Pfizer, BioNTech Announce Completion of Phase 3 Study of COVID-19 Vaccine Candidate

Pfizer Inc. and BioNTech SE announced today that after conducting the last analysis of the effectiveness of their ongoing Phase 3 study, their COVID-19 vaccine candidate, the messenger RNA-based BNT162b2, met all of the primary efficacy endpoints of the study.

Data analysis specifies that the efficacy rate of the vaccine's 95 percent in participants without prior COVID-19 infection, as well as in participants with and without prior COVID-19 infection, in each case gauged from 28 days from the initial dose, seven days following the second dose.

The initial primary goal assessment is based on 170 COVID-19 cases, as indicated in the study protocol, of which more than 160 cases of the virus were detected in the "placebo group against eight cases in the BNT162b2 group."

The study found efficiency was consistent across demographics, including gender, age, ethnicity, and race. The observed efficiency among adults more than 65 years old was more than 94 percent.

Science Times - Pfizer and BioNTech Announce Completion of Phase 3 Study of COVID-19 Vaccine Candidate, Meet All Major Safety and Efficacy Endpoints
Pfizer Inc. and BioNTech announced today that after conducting the last analysis of the effectiveness of their ongoing Phase 3 study, their COVID-19 vaccine candidate met all of the primary efficacy endpoints of the study. Andrew Burton/Getty Images

A Novel Strategy

Results of the study are almost identical to the initial findings which Moderna earlier reported from its ongoing trial for its vaccine candidate's efficacy.

Reports on this latest development said that both Moderna's vaccine and the Pfizer and BioNTech candidate comprise mRNA "that codes for the surface protein of SARS-CoV-2, the surface protein of SARS-CoV-2, the virus that causes COVID-19."

The strategy, reports indicated, is novel that no drug made from mRNA has been approved for general human use.

Pfizer and BioNTech also announced a plan to submit a request within days to the US Food and Drug Administration for an Emergency Use Administration or EUA, based on the entirety of safety and efficacy data gathered to date, including the manufacturing data associated with the vaccine's quality and consistency. The same data is also set for submission to other regulatory agencies all over the world.

Meanwhile, according to Trudie Lang, who directs the Global Health Network at the University of Oxford, "This is a remarkable and very reassuring situation that we find ourselves in."

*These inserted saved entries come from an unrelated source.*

(* Difference quotients: close pairs lie in one admissible ball; for far pairs
   ell(d(x,y)) is comparable to ell(|x - y|) and the two values of u are
   bounded separately. *)
Lemma holder_bound x y : Om x -> Om y -> x <> y ->
  powR (ell (dU2 Om x y)) (a + b) * `|u x - u y| / powR (ell (edist x y)) a
    <= 2 * powR K (a + b) * q.
Proof.
move=> Ox Oy xy; set m := dU2 Om x y.
have /andP[dx0 _] := dU_pos oOm hR Ox; have /andP[dy0 _] := dU_pos oOm hR Oy.
have m0 : 0 < m by rewrite lt_min dx0 dy0.
have mx : 0 < m <= dU Om x by rewrite m0 ge_min lexx.
have my : 0 < m <= dU Om y by rewrite m0 ge_min lexx orbT.
have Kp : 0 < K by apply: lt_le_trans K1.
have q0 : 0 <= q by rewrite -lee_fin (le_trans (esup0_ge0 _) hQ).
have del0 : 0 < edist x y by apply: edist_gt0.
have P0 : 0 < powR (ell (edist x y)) a by apply/powR_gt0/ell_gt0.
have [r_gt0 r_r0 sub] := admissible_ball oOm hR Ox mx.
have [_ ball_quot] := local_quantity_ball r_gt0 r_r0 sub hQ.
case: (ltP (edist x y) (theta Rad * m)) => [near | far].
  apply: le_trans (_ : powR K (a + b) * q <= _); last first.
    by rewrite -mulrA ler_peMl ?mulr_ge0 ?powR_ge0 // ler1n.
  apply: le_trans (_ : powR K (a + b) * (powR (ell (theta Rad * m)) (a + b) *
      `|u x - u y| / powR (ell (edist x y)) a) <= _); last first.
    by apply: ler_wpM2l; [exact: powR_ge0 | exact: ball_quot (eball_center _ r_gt0) near xy].
  rewrite !mulrA ler_wpM2r ?invr_ge0 ?powR_ge0 // ler_wpM2r //.
  rewrite powR_ell_dilate ?theta_inv_ge1 //.
  by rewrite mulrA mulVf ?mul1r ?gt_eqF ?theta_gt0.
have ratio : powR (ell m) a / powR (ell (edist x y)) a <= powR K a.
  rewrite ler_pdivrMr // powR_ell_dilate ?theta_inv_ge1 //.
  by rewrite -(ler_pM2l (theta_gt0 Rad)) mulrA mulfV ?mul1r ?gt_eqF ?theta_gt0.
have values : powR (ell m) b * `|u x - u y| <= 2 * (powR K b * q).
  apply: le_trans (_ : powR (ell m) b * (`|u x| + `|u y|) <= _).
    by rewrite ler_wpM2l ?powR_ge0 ?ler_normB.
  by rewrite mulrDr mulr2n mulrDl mul1r lerD ?weight_bound.
rewrite powRD ?(gt_eqF (ell_gt0 m0)) ?implybT //.
rewrite powRD ?(gt_eqF Kp) ?implybT //.
have -> : powR (ell m) a * powR (ell m) b * `|u x - u y| / powR (ell (edist x y)) a =
  powR (ell m) a / powR (ell (edist x y)) a * (powR (ell m) b * `|u x - u y|) :> R.
  by ring.
apply: le_trans (_ : powR K a * (2 * (powR K b * q)) <= _).
  by rewrite ler_pM ?divr_ge0 ?mulr_ge0 ?powR_ge0.
by rewrite mulrCA !mulrA.
Qed.

(* Hence the weighted norm is at most 3 K^(a+b) times any bound q of the local
   quantity (using K^b <= K^(a+b)). *)
Lemma lnormw_le_local : (Lnormw a b Om u <= (3 * powR K (a + b) * q)%:E)%E.
Proof.
have q0 : 0 <= q by rewrite -lee_fin (le_trans (esup0_ge0 _) hQ).
have M0 : 0 <= powR K (a + b) * q by rewrite mulr_ge0 ?powR_ge0.
have -> : 3 * powR K (a + b) * q = powR K (a + b) * q + 2 * powR K (a + b) * q :> R.
  by ring.
rewrite /Lnormw EFinD; apply: leeD; apply: esup0_le.
- by rewrite lee_fin.
- move=> _ [x Ox <-]; rewrite lee_fin.
  have /andP[dx0 _] := dU_pos oOm hR Ox.
  apply: le_trans (weight_bound Ox _) _; first by rewrite dx0 lexx.
  by rewrite ler_wpM2r ?powR_b_le_ab.
- by rewrite lee_fin -mulrA mulr_ge0.
- by move=> _ [x [y [Ox Oy xy ->]]]; rewrite lee_fin holder_bound.
Qed.

End LowerPointwise.

Lemma lower_bound (Om : set pt) (u : pt -> R) Rad :
  eopen Om -> inner_radius Om = Rad%:E ->
  (((3 * powR (lower_const Rad) (a + b))^-1)%:E * Lnormw a b Om u
     <= local_quantity a b r0 lam Om u)%E.
Proof.
move=> oOm hR; have M0 : 0 < 3 * powR (lower_const Rad) (a + b).
  by rewrite mulr_gt0 // powR_gt0 // (lt_le_trans ltr01 (lower_const_ge1 _)).
have Q0 : (0 <= local_quantity a b r0 lam Om u)%E by exact: esup0_ge0.
case hQ : (local_quantity a b r0 lam Om u) Q0 => [q| |] // _; last by rewrite leey.
have hq : (local_quantity a b r0 lam Om u <= q%:E)%E by rewrite hQ.
apply: le_trans (lee_wpmul2l _ (lnormw_le_local oOm hR hq)) _.
  by rewrite lee_fin invr_ge0 ltW.
by rewrite -EFinM mulrA mulVf ?gt_eqF // mul1r.
Qed.

(* Upper bound: every point y of an admissible ball B_r(x) has distance more than
   (lam - 1) r from the boundary, so r <= k d(y) with k = max(1, 1/(lam - 1)). *)
Definition upper_ratio : R := Order.max 1 (lam - 1)^-1.
Definition upper_const : R := ell_const upper_ratio.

He added, to go from determining a new virus to having numerous vaccines at the point of seeking regulatory approval is such an "incredible milestone for science."

Hoping to End the Devastating Pandemic

Pfizer chairman and CEO Albert Bourla said the study findings mark a vital step "in this historic eight-month journey to bring forward a vaccine" that can help end the devastating pandemic.

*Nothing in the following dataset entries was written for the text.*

Lemma numerical_range_common_norming_pair k (U : 'M[C]_(m, k)) :
  ctr U *m U = 1%:M ->
  (forall x : 'cV_m,
     A *m ctr A *m x = (opnorm A ^+ 2)%:C%C *: x <-> exists c : 'cV_k, x = U *m c) ->
  (exists lam, normc lam = 1 /\ numerical_range
    (lam *: (ctr U *m B *m ((opnorm A)^-1%:C%C *: (ctr A *m U)))) (- (opnorm B)%:C%C)) ->
  common_norming_pair.
Proof.
move=> U_orth U_span [lam [lam1 [c [c1 c_sesq]]]].
set x := U *m c.
have x_eigen : A *m ctr A *m x = (opnorm A ^+ 2)%:C%C *: x by apply/U_span; exists c.
have x1 : vnorm x = 1 by rewrite vnorm_isometry.
have Ax : vnorm (ctr A *m x) = opnorm A.
  apply: vnorm_dotE; first exact: opnorm_ge0.
  by rewrite -dot_mulmx mulmxA x_eigen dotZr dotvv x1 expr1n mulr1.
have s_neq0 : opnorm A != 0 := lt0r_neq0 s_gt0.
have yE : (opnorm A)^-1%:C%C *: (ctr A *m U) *m c = (opnorm A)^-1%:C%C *: (ctr A *m x).
  by rewrite -scalemxAl -mulmxA.
move: c_sesq; rewrite sesqE -scalemxAl dotZr -!mulmxA dot_mulmx ctrK -sesqE yE.
move=> /(congr1 (@normc _)); rewrite normcM lam1 mul1r normcN.
rewrite normc_real ?opnorm_ge0 // => xBy.
exists x, ((opnorm A)^-1%:C%C *: (ctr A *m x)); split => //; split.
  by rewrite vnormZ Ax normc_real ?invr_ge0 ?opnorm_ge0 ?mulVf.
split => //.
rewrite sesqE -scalemxAr dotZr mulmxA x_eigen dotZr dotvv x1 expr1n mulr1.
by rewrite -rmorphM expr2 mulKf.
Qed.

End Parallelism.

Theorem proposition3p1 (R : realType) (n : nat) (A B : 'M[R[i]]_n) :
  A != 0 ->
  (opnorm_parallel A B <->
   (exists x y : 'cV[R[i]]_n, vnorm x = 1 /\ vnorm y = 1 /\
      sesq x A y = ((opnorm A)%:C)%C /\ normc (sesq x B y) = opnorm B)) /\
  (opnorm_parallel A B <->
   (forall (k : nat) (U : 'M[R[i]]_(n, k)) (mu : R[i]),
      is_largest_eigenvalue (A *m ctr A) mu ->
      ctr U *m U = 1%:M ->
      (forall x : 'cV[R[i]]_n,
         A *m ctr A *m x = mu *: x <-> exists c : 'cV[R[i]]_k, x = U *m c) ->
      let V := ((opnorm A)^-1%:C)%C *: (ctr A *m U) in
      exists lam : R[i], normc lam = 1 /\
        numerical_range (lam *: (ctr U *m B *m V)) (- ((opnorm B)%:C)%C))).
Proof.
move=> A_neq0.
have parallel_iff : opnorm_parallel A B <-> common_norming_pair A B.
  by split; [exact: parallel_common_norming_pair | exact: common_norming_pair_parallel].
split; first exact: parallel_iff.
rewrite parallel_iff; split => [pair k U mu mu_max U_orth U_span | nr_cond].
  exact (common_norming_pair_numerical_range A_neq0 pair mu_max U_orth U_span).
have [k [U [U_orth U_span]]] := eigenspace_onb (A *m ctr A) (opnorm A ^+ 2)%:C%C.
apply: (numerical_range_common_norming_pair A_neq0 U_orth U_span).
exact (nr_cond k U _ (is_largest_eigenvalue_mulmx_ctr A_neq0) U_orth U_span).
Qed.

He also added, "We continue at the speed of science" to gather all the data collected thus far and share with regulators all over the world.

BioNTech CEO and co-founder Ugur Sahin, MD sad, "We are grateful that the first global trial to reach the final efficacy analysis mark" specifies that a high protection rate from COVID-19 can be attained very fast, following the initial 30 µg dose, highlighting the potential of BNT162 "to provide early protection."

The said achievement, the BioNTech official added, underscores "the potential of mRNA as a new drug class.

Check out more news and information on COVID-19 and Vaccines on Science Times.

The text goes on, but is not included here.